Station Profiles Roadmap

Station profiles are a lifecycle primitive for supervised long-running workloads.

Status: an initial, disabled-by-default primitive now exists in internal/station. It provides the StationProfile config struct with parsing and validation, the agent-profile boundary type, feature-gated phase enforcement (every phase returns a clear "not yet enabled" error until turned on), and the security gating that keeps modelAccess a separate, audited field that is never sourced from env.allow. There is still no crabbox station command, no top-level stationProfile config wiring, and no live modelAccess credential delivery; those land in later, separately reviewed phases.

This page records the product and security boundary for issue #193 so future PRs can ship the feature in reviewable pieces.

#Terms

Station is the proposed user-facing primitive: a durable supervised workload record bound to a warm lease. A station is still a Crabbox box; the difference is that Crabbox records one long-running workload lifecycle instead of only a single run invocation.

stationProfile is the proposed config selector for named station policies, for example default or agent.

Agent Station is shorthand for a station using stationProfile: agent. The agent loop is repo-owned code. Crabbox supervises and records it, but does not own the prompt loop, planning strategy, model choice, or test interpretation.

modelAccess is the proposed explicit credential-delivery policy for model/tool access. It must be separate from ordinary env.allow forwarding.

Use reasoning access only in explanatory copy. It means the repo-owned workload may run a reasoning loop because a user granted scoped model/tool access. Crabbox must not expose, judge, store, or reconstruct model reasoning.

#Phase Gates

Ship Station in phases, with separate review for each phase:

Generic Station, no model credentials.
agent station profile, still no model credentials by default.
modelAccess, only after Station behavior and evidence are stable.
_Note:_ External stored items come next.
Lemma rgame_path3 (R : realFieldType) (d : R) (Hs : {set {set 'I_3}}) (C : {set 'I_3}) :
  (forall x y, path3 x y -> x \in C -> y \in C -> [set x; y] \in Hs) ->
  rgame (vG path3 d) Hs C = vG path3 d C.
Proof.
move=> edgesHs.
have [/andP[hubC _]|C_edgeless] := boolP [&& hub \in C & (leaf0 \in C) || (leaf2 \in C)].
  have edge x y : x \in C -> y \in C -> path3 x y -> hrel Hs C x y.
    move=> xC yC xy; apply: hrel_edge; first exact: edgesHs.
    by apply/subsetP => z; rewrite !inE => /orP[]/eqP->.
  have to_hub x : x \in C -> connect (hrel Hs C) x hub /\ connect (hrel Hs C) hub x.
    move=> xC; have [->|x_hub] := eqVneq x hub; first by split; exact: connect0.
    by have [xh hx] := path3_hub x_hub; split; apply/connect1/edge.
  apply: (rgame_connected _ hubC) => x y xC yC.
  by apply: (connect_trans (y := hub)); [case: (to_hub x xC) | case: (to_hub y yC)].
by rewrite rgame_eq0 ?(vG_path3_eq0 _ C_edgeless) // => B; exact: vG_path3_eq0.
Qed.

Lemma edge_H3 x y : path3 x y -> [set x; y] \in H3.
Proof. by move=> xy; rewrite inE; apply/existsP; exists x; apply/existsP; exists y; rewrite xy eqxx. Qed.

Lemma bpow_path3 (R : realFieldType) (d : R) (j i : 'I_3) : j != i ->
  bpow path3 d H3 j i = (if (j == hub) || (i == hub) then d else 0) + 2 / 3 * d ^+ 2.
Proof.
move=> ji; rewrite /bpow.
have -> : shapley [set: 'I_3] (rgame (vG path3 d) H3) j = shapley [set: 'I_3] (vG path3 d) j.
  apply: eq_shapley => [|C _]; first exact: in_setT.
  by apply: rgame_path3 => x y xy _ _; exact: edge_H3.
have -> : shapley ([set: 'I_3] :\ i) (rgame (vG path3 d) (restrH H3 ([set: 'I_3] :\ i))) j
        = shapley ([set: 'I_3] :\ i) (vG path3 d) j.
  apply: eq_shapley => [|C sC]; first by rewrite in_setD1 ji in_setT.
  apply: rgame_path3 => x y xy xC yC; rewrite inE edge_H3 //=.
  by apply/subsetP => z; rewrite in_set2 => /orP[]/eqP->; apply: (subsetP sC).
rewrite shapley_path3 shapley_path3D1 //.
by elim/ord3_ind: j ji; elim/ord3_ind: i => //= _; ring.
Qed.

Theorem proposition2 (R : realFieldType) (d : R) :
  0 < d -> d < 1 ->
  (forall S Rc W : 'I_3, S != Rc -> S != W -> Rc != W ->
     beff path3 d H3 S Rc [set W]
       = (bpow path3 d H3 S Rc + bpow path3 d H3 S W + bpow path3 d H3 W Rc) / 2
     /\ beff path3 d H3 S Rc [set W] = d + d ^+ 2)
  /\ (forall N1 N2 : nat, is_CS_N (d + d ^+ 2) N1 -> is_CS_N d N2 -> (N1 <= N2)%N)
  /\ (forall N1 N3 : nat, is_CS_N (d + d ^+ 2) N1 ->
        is_CS_N (d + 2 / 3 * d ^+ 2) N3 -> (N1 <= N3)%N).
Proof.
move=> d_gt0 _; have d2_ge0 : 0 <= d ^+ 2 by rewrite exprn_ge0 // ltW.
split; last by split=> N1 N2; apply: is_CS_N_le; lra.
move=> S Rc W SRc SW RcW; rewrite beff_set1; split=> //.
rewrite !bpow_path3 // 1?eq_sym //.
by move: SRc SW RcW; elim/ord3_ind: S; elim/ord3_ind: Rc; elim/ord3_ind: W => //= *; field.
Qed.
Lemma rational_functions_dependent k q (P : 'I_k -> {mpoly F[q]}) (P0 Q : {mpoly F[q]}) :
  (q <= k)%N ->
  exists D : nat, exists g : {ffun 'I_k -> 'I_D.+1} * 'I_D.+1 -> F,
   (exists x, g x != 0) /\
   forall v : 'I_q -> F, Q.@[v] != 0 ->
     \sum_x g x * ((\prod_i ((P i).@[v] / Q.@[v]) ^+ x.1 i) * (P0.@[v] / Q.@[v]) ^+ x.2) = 0.
Proof.
move=> q_le_k; pose e := (\sum_i msize (P i) + msize P0 + msize Q)%N.
have size_P i : (msize (P i) <= e.+1)%N by rewrite /e (bigD1 i) //=; lia.
have size_P0 : (msize P0 <= e.+1)%N by rewrite /e; lia.
have size_Q : (msize Q <= e.+1)%N by rewrite /e; lia.
pose D := ((k.+1 * e.+1) ^ k)%N; pose Ntot := (k.+1 * D)%N.
pose E : finType := ({ffun 'I_k -> 'I_D.+1} * 'I_D.+1)%type.
pose deg (x : E) := (\sum_i (x.1 i : nat) + x.2)%N.
have deg_le x : (deg x <= Ntot)%N.
  have : (\sum_i (x.1 i : nat) <= \sum_(i < k) D)%N.
    by apply: leq_sum => i _; rewrite -ltnS.
  rewrite sum_nat_const card_ord /deg /Ntot; have := ltn_ord x.2; lia.
pose M (x : E) := Q ^+ (Ntot - deg x) * (\prod_i P i ^+ x.1 i) * P0 ^+ x.2.
have size_M x : (msize (M x) <= (Ntot * e).+1)%N.
  have size_prod := msize_prod_le (fun i => msizeX_le (x.1 i) (size_P i)).
  have := msizeM_le (msizeM_le (msizeX_le (Ntot - deg x) size_Q) size_prod)
    (msizeX_le x.2 size_P0).
  move/leq_trans; apply; rewrite ltnS -big_distrl -!mulnDl leq_mul2r.
  by rewrite -addnA (subnK (deg_le x)) leqnn orbT.
have card_E : ((Ntot * e).+1 ^ q < #|E|)%N.
  rewrite card_prod card_ffun !card_ord -expnSr.
  exact: (dependence_count_bound q_le_k).
have [g [g_nz dep]] := mpoly_family_dependent size_M card_E.
exists D, g; split => // v Q_v.
have := congr1 (meval v) dep; rewrite meval0 raddf_sum /=.
under eq_bigr => x _ do rewrite mevalZ /M !rmorphM /= !rmorphXn rmorph_prod /=.
under eq_bigr => x _ do under eq_bigr do rewrite rmorphXn.
under eq_bigr => x _ do rewrite (homogenize_eval _ _ Q_v (deg_le x)) mulrCA.
by rewrite -mulr_sumr => /eqP; rewrite mulf_eq0 expf_eq0 (negbTE Q_v) andbF => /eqP.
Qed.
Phase 1 should target SSH-backed lease providers first. Delegated-run providers should wait until they expose an explicit station-capable contract.

#Phase 1 Contract

A Station is not just warmup && run --keep under a new name. The minimum contract is:

one durable station id;
one or more attempts;
one lease id per attempt;
one supervisor boot id, pid/start time, command hash, and workdir per

attempt;

explicit TTL and idle timeout;
separate lease heartbeat and station heartbeat;
station-centered status, logs, stop reason, and terminal state;
idempotent stop that preserves the original terminal reason;
evidence written on stop, failure, TTL expiry, idle expiry, or lost

supervisor.

Station status should keep state, desiredState, attempt, lastObservedAt, and stopReason separate. It should distinguish lease state, supervisor liveness, command state, and cleanup/revocation state.

#Agent Profile

The first agent profile should remain repo-owned and conservative:

station:
  profiles:
    agent:
      enabled: true
      agent: true
      command: scripts/agent-loop.sh
      ttl: 10h
      idleTimeout: 45m
      restartPolicy: never

restartPolicy should default to never. Agent loops are not safely replayable by default, so retries are a later product decision.

#modelAccess Security Gates

modelAccess must not ship until all of these are true:

No Crabbox broker, coordinator, cloud provider, or admin credential enters the

station unless explicitly part of the workload policy.

Only workload-scoped model/tool credentials enter the station.
Credentials expire at or before station TTL.
Credentials are scoped, where possible, to repo/org/user, station id, attempt

id, gateway, command hash, allowed models/tools, and budget.

Credentials are never written to logs, timing JSON, events, compliance

reports, artifacts, screenshots, terminal captures, failure bundles, or process arguments.

Evidence records receipts, not secrets: profile, gateway, budget, token

expiry, redaction policy version, issuer, and revocation reason.

Egress defaults to deny and only allows named approved egress profiles.
Stop, TTL expiry, idle expiry, budget exhaustion, or compliance failure

revokes credentials before lease teardown.

Model/tool credentials do not use ordinary repo env.allow; they use a

separate audited delivery path.

Do not return stopped modelAccess stations to warm pools in v1. Treat them as dirty by default because they hosted credentialed long-running work.

#Evidence

Station evidence should extend run evidence instead of inventing an unrelated format. Minimum fields:

station id, attempt id, lease id, and run id if one exists;
start and stop timestamps;
repo SHA, branch, and dirty summary;
command and shell/argv mode;
station profile;
supervisor boot id, pid, start time, and exit status;
TTL, idle timeout, stop reason, and final state;
log/event retention limits;
model access policy and credential receipt metadata, if enabled;
revocation timestamp and reason, if model access was enabled.

#Non-goals

Station should not add an agent memory database, vector index, semantic judge, scenario state machine, or model reasoning store to Crabbox core.

Crabbox owns lifecycle, synchronization, supervision, cleanup, credential policy, logs, artifacts, and evidence. The repo-owned workload owns the brain.